Question

•Write the claim as a math statement, its opposite, and then determine H0and H1and the tail type.

•Test the claim using the traditional (critical value) method:

•Sketch the appropriate distribution showing the tail(s) and their area, and give the critical value(s) determined from the appropriate distribution table.

•Show the test statistic formula with the relevant numbers in place, and determine the test statistic value. Show where this value is located on the sketch of the distribution.

•State the proper conclusion of the test with regard to H0and the conclusion with regard to the original claim.

•Determine the p-value using the distribution tables and confirm the conclusion about H0.Note: the p-value will be a single number if the test requires the use of a standard normal distribution, otherwise you will obtain a range of values (for example p>0.01).

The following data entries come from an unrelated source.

Lemma is_derive_const_in_I (f : R -> R) s l C :
  in_I a b s -> (forall t, in_I a b t -> f t = C) -> is_derive f s l -> l = 0.
Proof.
  intros Hs Hf Hd.
  assert (H0 : is_derive f s 0).
  { apply (is_derive_ext_loc (fun _ => C)); [|apply (is_derive_const C s)].
    apply (filter_imp (in_I a b)); [|now apply locally_in_I].
    intros t Ht. symmetry. auto. }
  apply is_derive_unique in Hd. apply is_derive_unique in H0. congruence.
Qed.

Lemma const_in_I_of_derive0 (f : R -> R) :
  (forall t, in_I a b t -> is_derive f t 0) ->
  forall s t, in_I a b s -> in_I a b t -> f s = f t.
Proof.
  intros Hd s t Hs Ht.
  assert (Hst : forall r, Rmin s t <= r <= Rmax s t -> in_I a b r)
    by (intros; now apply (in_I_between s t)).
  destruct (MVT_gen f s t (fun _ => 0)) as [r [_ Hr]].
  - intros r Hr. apply Hd, Hst. lra.
  - intros r Hr. apply continuity_pt_filterlim.
    apply (ex_derive_continuous (K := R_AbsRing) (V := R_NormedModule)).
    eexists. now apply Hd, Hst.
  - lra.
Qed.

Lemma continuous_eq0_of_mul_eq0 (g h : R -> R) :
  (forall u v, in_I a b u -> in_I a b v -> u < v -> exists s, u < s < v /\ h s <> 0) ->
  (forall s, in_I a b s -> continuity_pt g s) ->
  (forall s, in_I a b s -> g s * h s = 0) ->
  forall s, in_I a b s -> g s = 0.
Proof.
  intros Hh Hg Hgh s Hs.
  destruct (Req_dec (g s) 0) as [E|E]; [exact E|exfalso].
  assert (eps : 0 < Rabs (g s)) by now apply Rabs_pos_lt.
  assert (Hnear := Hg s Hs). apply continuity_pt_filterlim in Hnear.
  apply filterlim_locally with (eps := mkposreal _ eps) in Hnear.
  destruct (filter_and _ _ Hnear (locally_in_I s Hs)) as [del Hdel].
  assert (Hball : forall t, s - del / 2 <= t <= s + del / 2 ->
            ball (g s) (Rabs (g s)) (g t) /\ in_I a b t).
  { intros t Ht. apply Hdel. change (Rabs (t - s) < del).
    pose proof (cond_pos del). apply Rabs_def1; lra. }
  pose proof (cond_pos del).
  destruct (Hh (s - del / 2) (s + del / 2)) as [t [Ht Hht]];
    [apply Hball; lra | apply Hball; lra | lra |].
  destruct (Hball t ltac:(lra)) as [Hb Hti].
  change (Rabs (g t - g s) < Rabs (g s)) in Hb.
  assert (Hgt : g t = 0).
  { destruct (Rmult_integral _ _ (Hgh t Hti)); tauto. }
  rewrite Hgt, Rminus_0_l, Rabs_Ropp in Hb. lra.
Qed.

End Interval.

Definition dot (u v : R * R * R) : R :=
  let '(u1, u2, u3) := u in let '(v1, v2, v3) := v in u1 * v1 + u2 * v2 + u3 * v3.

Definition cross (u v : R * R * R) : R * R * R :=
  let '(u1, u2, u3) := u in let '(v1, v2, v3) := v in
  (u2 * v3 - u3 * v2, u3 * v1 - u1 * v3, u1 * v2 - u2 * v1).

Definition scal3 (r : R) (u : R * R * R) : R * R * R :=
  let '(u1, u2, u3) := u in (r * u1, r * u2, r * u3).

Definition circle_axis (k : R) (u v : R * R * R) : R * R * R :=
  let '(n1, n2, n3) := cross u v in let '(u1, u2, u3) := u in
  (n1 + k * u1, n2 + k * u2, n3 + k * u3).

Lemma dot_comm (u v : R * R * R) : dot u v = dot v u.
Proof. destruct u as [[u1 u2] u3], v as [[v1 v2] v3]; cbn [dot]. ring. Qed.

Lemma triple_eq_of_dot (u v : R * R * R) : (forall n, dot n u = dot n v) -> u = v.
Proof.
  destruct u as [[u1 u2] u3], v as [[v1 v2] v3]; intros H.
  assert (H1 := H (1, 0, 0)). assert (H2 := H (0, 1, 0)). assert (H3 := H (0, 0, 1)).
  cbn [dot] in H1, H2, H3. f_equal; [f_equal|]; lra.
Qed.

Lemma cross_acceleration (u v w : R * R * R) :
  dot u u = 1 -> dot v v = 1 -> dot u v = 0 -> dot u w = -1 -> dot v w = 0 ->
  cross u w = scal3 (- det3 u v w) v /\ dot w w = 1 + det3 u v w ^ 2.
Proof.
  destruct u as [[u1 u2] u3], v as [[v1 v2] v3], w as [[w1 w2] w3].
  cbn [dot cross scal3 det3]. intros Hu Hv Huv Huw Hvw.
  set (k := u1 * (v2 * w3 - v3 * w2) - u2 * (v1 * w3 - v3 * w1) + u3 * (v1 * w2 - v2 * w1)).
  set (e1 := u2 * w3 - u3 * w2 + k * v1).
  set (e2 := u3 * w1 - u1 * w3 + k * v2).
  set (e3 := u1 * w2 - u2 * w1 + k * v3).
  (* [k * k] is the Gram determinant of [u, v, w]. *)
  assert (Hk : k * k = w1 * w1 + w2 * w2 + w3 * w3 - 1).
  { transitivity ((u1*u1+u2*u2+u3*u3) * (v1*v1+v2*v2+v3*v3) * (w1*w1+w2*w2+w3*w3)
      + 2 * (u1*v1+u2*v2+u3*v3) * (v1*w1+v2*w2+v3*w3) * (u1*w1+u2*w2+u3*w3)
      - (u1*u1+u2*u2+u3*u3) * (v1*w1+v2*w2+v3*w3) ^ 2
      - (v1*v1+v2*v2+v3*v3) * (u1*w1+u2*w2+u3*w3) ^ 2
      - (w1*w1+w2*w2+w3*w3) * (u1*v1+u2*v2+u3*v3) ^ 2).
    - unfold k; ring.
    - rewrite Hu, Hv, Huv, Huw, Hvw. ring. }
  (* [(e1, e2, e3) = u × w + k v]; Lagrange's identity and [(u × w)·v = -k] give its norm. *)
  assert (He : e1 ^ 2 + e2 ^ 2 + e3 ^ 2 = 0).
  { transitivity ((u1*u1+u2*u2+u3*u3) * (w1*w1+w2*w2+w3*w3) - (u1*w1+u2*w2+u3*w3) ^ 2
      - 2 * k * k + k * k * (v1*v1+v2*v2+v3*v3)).
    - unfold e1, e2, e3, k; ring.
    - rewrite Hu, Hv, Huw. nra. }
  assert (E1 : e1 = 0) by nra. assert (E2 : e2 = 0) by nra. assert (E3 : e3 = 0) by nra.
  unfold e1, e2, e3 in *. split; [f_equal; [f_equal|] |]; lra.
Qed.

Lemma circle_axis_dot (k : R) (u v : R * R * R) :
  dot u u = 1 -> dot v v = 1 -> dot u v = 0 ->
  dot (circle_axis k u v) (circle_axis k u v) = 1 + k ^ 2 /\
  dot (circle_axis k u v) u = k /\ dot (circle_axis k u v) v = 0.
Proof.
  destruct u as [[u1 u2] u3], v as [[v1 v2] v3]; cbn [dot cross circle_axis].
  intros Hu Hv Huv.
  split; [|split].
  - transitivity ((u1*u1+u2*u2+u3*u3) * (v1*v1+v2*v2+v3*v3) - (u1*v1+u2*v2+u3*v3) ^ 2
      + k ^ 2 * (u1*u1+u2*u2+u3*u3)); [ring|].
    rewrite Hu, Hv, Huv. ring.
  - transitivity (k * (u1*u1+u2*u2+u3*u3)); [ring|]. rewrite Hu. ring.
  - transitivity (k * (u1*v1+u2*v2+u3*v3)); [ring|]. rewrite Huv. ring.
Qed.

Lemma circle_axis_dot_det3 (k : R) (u v w : R * R * R) :
  dot (circle_axis k u v) w = det3 u v w + k * dot u w.
Proof.
  destruct u as [[u1 u2] u3], v as [[v1 v2] v3], w as [[w1 w2] w3].
  cbn [dot cross circle_axis det3]. ring.
Qed.

Lemma horizontal_basis_orthogonal (u1 u2 w1 w2 n1 n2 : R) :
  u1 * u1 + u2 * u2 = 1 -> u1 * w1 + u2 * w2 = 0 -> w1 * w1 + w2 * w2 <> 0 ->
  n1 * u1 + n2 * u2 = 0 -> n1 * w1 + n2 * w2 = 0 -> n1 = 0 /\ n2 = 0.
Proof.
  intros Hu Huw Hw Hnu Hnw.
  set (D := u1 * w2 - u2 * w1).
  assert (HD : D * D <> 0).
  { replace (D * D) with ((u1 * u1 + u2 * u2) * (w1 * w1 + w2 * w2) - (u1 * w1 + u2 * w2) ^ 2)
      by (unfold D; ring).
    rewrite Hu, Huw. intros H. apply Hw. lra. }
  assert (H1 : n1 * D = w2 * (n1 * u1 + n2 * u2) - u2 * (n1 * w1 + n2 * w2)) by (unfold D; ring).
  assert (H2 : n2 * D = u1 * (n1 * w1 + n2 * w2) - w1 * (n1 * u1 + n2 * u2)) by (unfold D; ring).
  rewrite Hnu, Hnw in H1, H2.
  assert (HD0 : D <> 0) by (intros H0; apply HD; rewrite H0; ring).
  split; apply (Rmult_eq_reg_r D); trivial; lra.
Qed.

Lemma Rabs_lt_sqrt_iff (c L : R) : Rabs c < sqrt L <-> c ^ 2 < L.
Proof.
  rewrite <- sqrt_Rsqr_abs. unfold Rsqr. split; intros H.
  - apply sqrt_lt_0_alt in H. lra.
  - apply sqrt_lt_1_alt. nra.
Qed.

Lemma plane_of_axis (k : R) (A : R * R * R) :
  dot A A = 1 + k ^ 2 -> snd A ^ 2 < 1 + k ^ 2 ->
  exists n1 n2 n3 d : R,
    n1 ^ 2 + n2 ^ 2 + n3 ^ 2 = 1 /\ Rabs d < 1 /\ ~ (n1 = 0 /\ n2 = 0) /\
    forall p1 p2 p3, dot A (p1, p2, p3) = k -> n1 * p1 + n2 * p2 + n3 * p3 = d.
Proof.
  destruct A as [[A1 A2] A3]; cbn [dot snd]. intros HA HA3.
  set (L := sqrt (1 + k ^ 2)).
  assert (HL : 0 < L) by (apply sqrt_lt_R0; nra).
  assert (HL2 : L * L = 1 + k ^ 2) by (apply sqrt_sqrt; nra).
  exists (A1 / L), (A2 / L), (A3 / L), (k / L). split; [|split; [|split]].
  - replace ((A1 / L) ^ 2 + (A2 / L) ^ 2 + (A3 / L) ^ 2)
      with ((A1 * A1 + A2 * A2 + A3 * A3) / (L * L)) by (field; lra).
    rewrite HA, HL2. field. nra.
  - rewrite <- sqrt_1. apply Rabs_lt_sqrt_iff.
    replace ((k / L) ^ 2) with (k ^ 2 / (L * L)) by (field; lra).
    rewrite HL2. apply Rmult_lt_reg_r with (1 + k ^ 2); [nra|].
    field_simplify; nra.
  - intros [H1 H2].
    assert (A1 = 0) by (replace A1 with (A1 / L * L) by (field; lra); rewrite H1; ring).
    assert (A2 = 0) by (replace A2 with (A2 / L * L) by (field; lra); rewrite H2; ring).
    subst. lra.
  - intros p1 p2 p3 Hp. rewrite <- Hp. field. lra.
Qed.


Lemma is_derive_dot_const (n : R * R * R) (f g h : R -> R) s :
  ex_derive f s -> ex_derive g s -> ex_derive h s ->
  is_derive (fun t => dot n (xi f g h t)) s (dot n (dxi f g h s)).
Proof.
  destruct n as [[n1 n2] n3]; unfold xi, dxi; cbn [dot]. intros Hf Hg Hh.
  auto_derive; [tauto|].
  (* [set] also captures the eta-expanded [Derive (fun t => f t) s] left by [auto_derive],
     which [ring] would otherwise treat as a different atom. *)
  set (df := Derive f s). set (dg := Derive g s). set (dh := Derive h s). ring.
Qed.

4)An exit poll is done at a polling station. 105 people are randomly sampled and 62 said they voted for Jane Doe for congress. Use a significance level of 5% to test the claim that a majority of people voted for Jane.

Answer 1

4.

Given that,
possibile chances (x)=62
sample size(n)=105
success rate ( p )= x/n = 0.5905
success probability,( po )=0.5
failure probability,( qo) = 0.5
null, Ho:p=0.5
alternate, H1: p!=0.5
level of significance, α = 0.05
from standard normal table, two tailed z α/2 =1.96
since our test is two-tailed
reject Ho, if zo < -1.96 OR if zo > 1.96
we use test statistic z proportion = p-po/sqrt(poqo/n)
zo=0.59048-0.5/(sqrt(0.25)/105)
zo =1.8542
| zo | =1.8542
critical value
the value of |z α| at los 0.05% is 1.96
we got |zo| =1.854 & | z α | =1.96
make decision
hence value of |zo | < | z α | and here we do not reject Ho
p-value: two tailed ( double the one tail ) - Ha : ( p != 1.85421 ) = 0.06371
hence value of p0.05 < 0.0637,here we do not reject Ho
ANSWERS
---------------
null, Ho:p=0.5
alternate, H1: p!=0.5
test statistic: 1.8542
critical value: -1.96 , 1.96
decision: do not reject Ho
p-value: 0.06371
we do not have enough evidence to support the claim that a majority of people voted for Jane.